__Goal of the exercise__: Retype, word for word, each line between the lines holding "move=> indA coverA" and "- by exists", inclusive, and leave the rest of the data alone.

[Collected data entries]

(* Let $n\ge 1$ and let $P_n$ be the path on $n$ vertices. Then $$v(P_n)=\begin{cases}\lfloor n/4\rfloor & \text{if } n\equiv 0,1 \pmod 4,\\ \lfloor n/4\rfloor+1 & \text{if } n\equiv 2,3 \pmod 4.\end{cases}$$
   Context: Let $K$ be a field and $S=K[x_1,\dots,x_t]$ with the standard grading. For a proper graded ideal $I\subset S$, $\operatorname{Ass}(I)$ is the set of associated primes of $S/I$, and the $v$-number of $I$ is $v(I)=\min\{k\ge 0 : \exists f\in S_k \text{ and } \mathcal P\in\operatorname{Ass}(I) \text{ with } (I:f)=\mathcal P\}$. For a finite simple graph $G$ on vertex set $\{x_1,\dots,x_t\}$, the edge ideal is $I(G)=\langle x_ix_j : \{x_i,x_j\}\text{ an edge of } G\rangle\subset S$, and $v(G):=v(I(G))$. The path $P_n$ has vertices $x_1,\dots,x_n$ and edges $\{x_i,x_{i+1}\}$ for $1\le i\le n-1$. $\lfloor\cdot\rfloor$ is the integer part. *)

From HB Require Import structures.
From mathcomp Require Import all_boot all_order all_algebra.
From mathcomp Require Import mpoly.
Set Implicit Arguments. Unset Strict Implicit. Unset Printing Implicit Defensive.
Import Order.TTheory GRing.Theory.
Local Open Scope ring_scope.

Section Ideals.
Variables (K : fieldType) (t : nat).
Local Notation S := {mpoly K[t]}.

Definition is_ideal (I : S -> Prop) : Prop :=
  [/\ I 0, (forall f g, I f -> I g -> I (f + g)) & (forall f g, I g -> I (f * g))].

Definition ideal_gen (gens : seq S) : S -> Prop :=
  fun f => exists c : 'I_(size gens) -> S, f = \sum_(i < size gens) c i * gens`_i.

Definition colon (I : S -> Prop) (f : S) : S -> Prop := fun g => I (g * f).

Definition is_prime_ideal (P : S -> Prop) : Prop :=
  [/\ is_ideal P, ~ P 1 & (forall f g, P (f * g) -> P f \/ P g)].

Definition Ass (I : S -> Prop) (P : S -> Prop) : Prop :=
  is_prime_ideal P /\ exists g : S, forall h, P h <-> colon I g h.

(* k is attained in the set defining v(I): some f in S_k (homogeneous of
   degree k) and some P in Ass(I) with (I : f) = P. *)
Definition vnum_witness (I : S -> Prop) (k : nat) : Prop :=
  exists f : S, f \is k.-homog /\
    exists P, Ass I P /\ (forall h, colon I f h <-> P h).

Definition vnumber_is (I : S -> Prop) (k : nat) : Prop :=
  vnum_witness I k /\ (forall k', (k' < k)%N -> ~ vnum_witness I k').

(* Edge ideal of a simple graph on vertex set {x_0,...,x_(t-1)} given by a
   symmetric irreflexive relation e on 'I_t. *)
Definition edge_ideal (e : rel 'I_t) : S -> Prop :=
  ideal_gen [seq 'X_ij.1 * 'X_ij.2 | ij <- enum [pred ij : 'I_t * 'I_t | e ij.1 ij.2]].

End Ideals.

Definition path_rel (n : nat) : rel 'I_n :=
  fun i j => ((i : nat).+1 == j) || ((j : nat).+1 == i).

Definition vP_formula (n : nat) : nat :=
  if (n %% 4 == 0)%N || (n %% 4 == 1)%N then (n %/ 4)%N else (n %/ 4).+1.

From HB Require Import structures.
From mathcomp Require Import all_boot all_order all_algebra.
From mathcomp Require Import mpoly zify.

(* As in Jaramillo and Villarreal, v(I(G)) is governed by the independent sets A
   of G whose neighbourhood N(A) is a vertex cover. If (I : f) is a prime P with f
   homogeneous of degree k, some monomial x^m of f lies outside I; every variable
   in P is adjacent to the support of m, and P contains a variable of each edge,
   so N(supp m) is a vertex cover and |supp m| <= k. Conversely, for such an A the
   colon ideal (I : prod_{a in A} x_a) is the prime ideal generated by the
   variables of N(A).
   On P_n each vertex of A has at most two neighbours, each covering at most two
   of the n - 1 edges, so 4|A| >= n - 1; the set {x_3, x_7, x_11, ...}, together
   with x_n when n = 2 mod 4, attains this bound. *)

Set Implicit Arguments. Unset Strict Implicit. Unset Printing Implicit Defensive.
Import Order.TTheory GRing.Theory.

Section Monomials.
Variable t : nat.

Definition mnm_upset (pr : pred 'X_{1..t}) : Prop :=
  forall m1 m2, pr m2 -> pr (m1 + m2)%MM.

Definition mnm_prime (pr : pred 'X_{1..t}) : Prop :=
  ~~ pr 0%MM /\ forall m1 m2, pr (m1 + m2)%MM -> pr m1 || pr m2.

Definition mnm_of_set (A : {set 'I_t}) : 'X_{1..t} := [multinom (i \in A : nat) | i < t].

Definition mnm_supp (m : 'X_{1..t}) : {set 'I_t} := [set i | 0 < m i].

Definition mnm_meets (C : {set 'I_t}) (m : 'X_{1..t}) : bool := [exists v in C, 0 < m v].

Lemma mnm_of_setE A i : mnm_of_set A i = (i \in A).
Proof. by rewrite mnmE. Qed.

Lemma mdeg_mnm_of_set A : mdeg (mnm_of_set A) = #|A|.
Proof.
by rewrite mdegE -sum1_card [RHS]big_mkcond; apply: eq_bigr => i _; rewrite mnm_of_setE.
Qed.

Lemma card_mnm_supp m : #|mnm_supp m| <= mdeg m.
Proof.
rewrite mdegE -sum1_card big_mkcond; apply: leq_sum => i _.
by rewrite inE; case: posnP.
Qed.

Lemma mnm_meets_upset C : mnm_upset (mnm_meets C).
Proof.
move=> m1 m2 /exists_inP [v Cv m2v]; apply/exists_inP; exists v => //.
by rewrite mnmDE; lia.
Qed.

Lemma mnm_meets_prime C : mnm_prime (mnm_meets C).
Proof.
split; first by apply/exists_inP => -[v _]; rewrite mnm0E.
move=> m1 m2 /exists_inP [v Cv]; rewrite mnmDE => m12v.
by apply/orP; case: (posnP (m1 v)) => m1v; [right | left]; apply/exists_inP; exists v => //; lia.
Qed.

End Monomials.

Section Graph.
Variables (t : nat) (e : rel 'I_t).

Definition nbhd (A : {set 'I_t}) : {set 'I_t} := [set v | [exists a in A, e v a]].

Definition vertex_cover (C : {set 'I_t}) : Prop := forall i j, e i j -> (i \in C) || (j \in C).

Definition independent (A : {set 'I_t}) : Prop := forall i j, i \in A -> j \in A -> ~~ e i j.

Definition mnm_has_edge (m : 'X_{1..t}) : bool :=
  [exists i, exists j, [&& e i j, 0 < m i & 0 < m j]].

Lemma mnm_has_edge_upset : mnm_upset mnm_has_edge.
Proof.
move=> m1 m2 /existsP [i /existsP [j /and3P [eij m2i m2j]]].
by apply/existsP; exists i; apply/existsP; exists j; rewrite eij !mnmDE; lia.
Qed.

Hypotheses (e_irr : irreflexive e) (e_sym : ssrbool.symmetric e).

Lemma mem_nbhd_supp_addU v m :
  mnm_has_edge (U_(v) + m)%MM -> ~~ mnm_has_edge m -> v \in nbhd (mnm_supp m).
Proof.
case/existsP=> i /existsP [j /and3P [eij]]; rewrite !mnmDE !mnm1E => mi mj mN.
have ij : i != j by apply: contraTneq eij => ->; rewrite e_irr.
rewrite inE; apply/exists_inP.
have [vi | vi] := eqVneq v i; first subst v.
  by exists j; rewrite // inE; move: mj; rewrite (negbTE ij).
have [vj | vj] := eqVneq v j.
  by subst v; exists i; [rewrite inE; move: mi; rewrite (negbTE vi) | rewrite e_sym].
case/negP: mN; apply/existsP; exists i; apply/existsP; exists j; rewrite eij.
by move: mi mj; rewrite (negbTE vi) (negbTE vj) => /= -> ->.
Qed.

Lemma mnm_has_edge_add_set A : independent A -> vertex_cover (nbhd A) ->
  (fun m => mnm_has_edge (mnm_of_set A + m)%MM) =1 mnm_meets (nbhd A).
Proof.
move=> indA coverA m; apply/existsP/exists_inP.
- case=> i /existsP [j /and3P [eij]]; rewrite !mnmDE !mnm_of_setE.
  have [Ai | Ai] := boolP (i \in A); have [Aj | Aj] := boolP (j \in A) => //= mi mj.
  + by have := indA _ _ Ai Aj; rewrite eij.
  + by exists j; rewrite // inE; apply/exists_inP; exists i; rewrite // e_sym.
  + by exists i; rewrite // inE; apply/exists_inP; exists j.
  + by case/orP: (coverA _ _ eij) => [Ni | Nj]; [exists i | exists j].
- case=> v /[!inE] /exists_inP [a Aa eva] mv.
  by exists v; apply/existsP; exists a; rewrite eva !mnmDE !mnm_of_setE Aa; lia.
Qed.

End Graph.

Section Ideals.
Variables (K : fieldType) (t : nat).
Local Notation S := {mpoly K[t]}.
Local Open Scope ring_scope.

Lemma ideal_sum (J : S -> Prop) (I : Type) (r : seq I) (P : pred I) (F : I -> S) :
  is_ideal J -> (forall i, P i -> J (F i)) -> J (\sum_(i <- r | P i) F i).
Proof. by case=> J0 JD _ JF; apply: big_ind. Qed.

Lemma ideal_gen_ideal (gens : seq S) : is_ideal (ideal_gen gens).
Proof.
split.
- by exists (fun _ => 0); rewrite big1 // => i _; rewrite mul0r.
- move=> _ _ [c1 ->] [c2 ->]; exists (fun i => c1 i + c2 i).
  by rewrite -big_split; apply: eq_bigr => i _; rewrite mulrDl.
- move=> f _ [c ->]; exists (fun i => f * c i).
  by rewrite mulr_sumr; apply: eq_bigr => i _; rewrite mulrA.
Qed.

__Exercise solution__:
move=> indA coverA m; apply/existsP/exists_inP.
- case=> i /existsP [j /and3P [eij]]; rewrite !mnmDE !mnm_of_setE.
  have [Ai | Ai] := boolP (i \in A); have [Aj | Aj] := boolP (j \in A) => //= mi mj.
  + by have := indA _ _ Ai Aj; rewrite eij.
  + by exists j; rewrite // inE; apply/exists_inP; exists i; rewrite // e_sym.
  + by exists i; rewrite // inE; apply/exists_inP; exists j.
  + by case/orP: (coverA _ _ eij) => [Ni | Nj]; [exists i | exists j].
- case=> v /[!inE] /exists_inP [a Aa eva] mv.
  by exists v; apply/existsP; exists a; rewrite eva !mnmDE !mnm_of_setE Aa; lia.
Qed.

End Graph.

Section Ideals.
Variables (K : fieldType) (t : nat).
Local Notation S := {mpoly K[t]}.
Local Open Scope ring_scope.

Lemma ideal_sum (J : S -> Prop) (I : Type) (r : seq I) (P : pred I) (F : I -> S) :
  is_ideal J -> (forall i, P i -> J (F i)) -> J (\sum_(i <- r | P i) F i).
Proof. by case=> J0 JD _ JF; apply: big_ind. Qed.

Lemma ideal_gen_ideal (gens : seq S) : is_ideal (ideal_gen gens).
Proof.
split.
- by exists (fun _ => 0); rewrite big1 // => i _; rewrite mul0r.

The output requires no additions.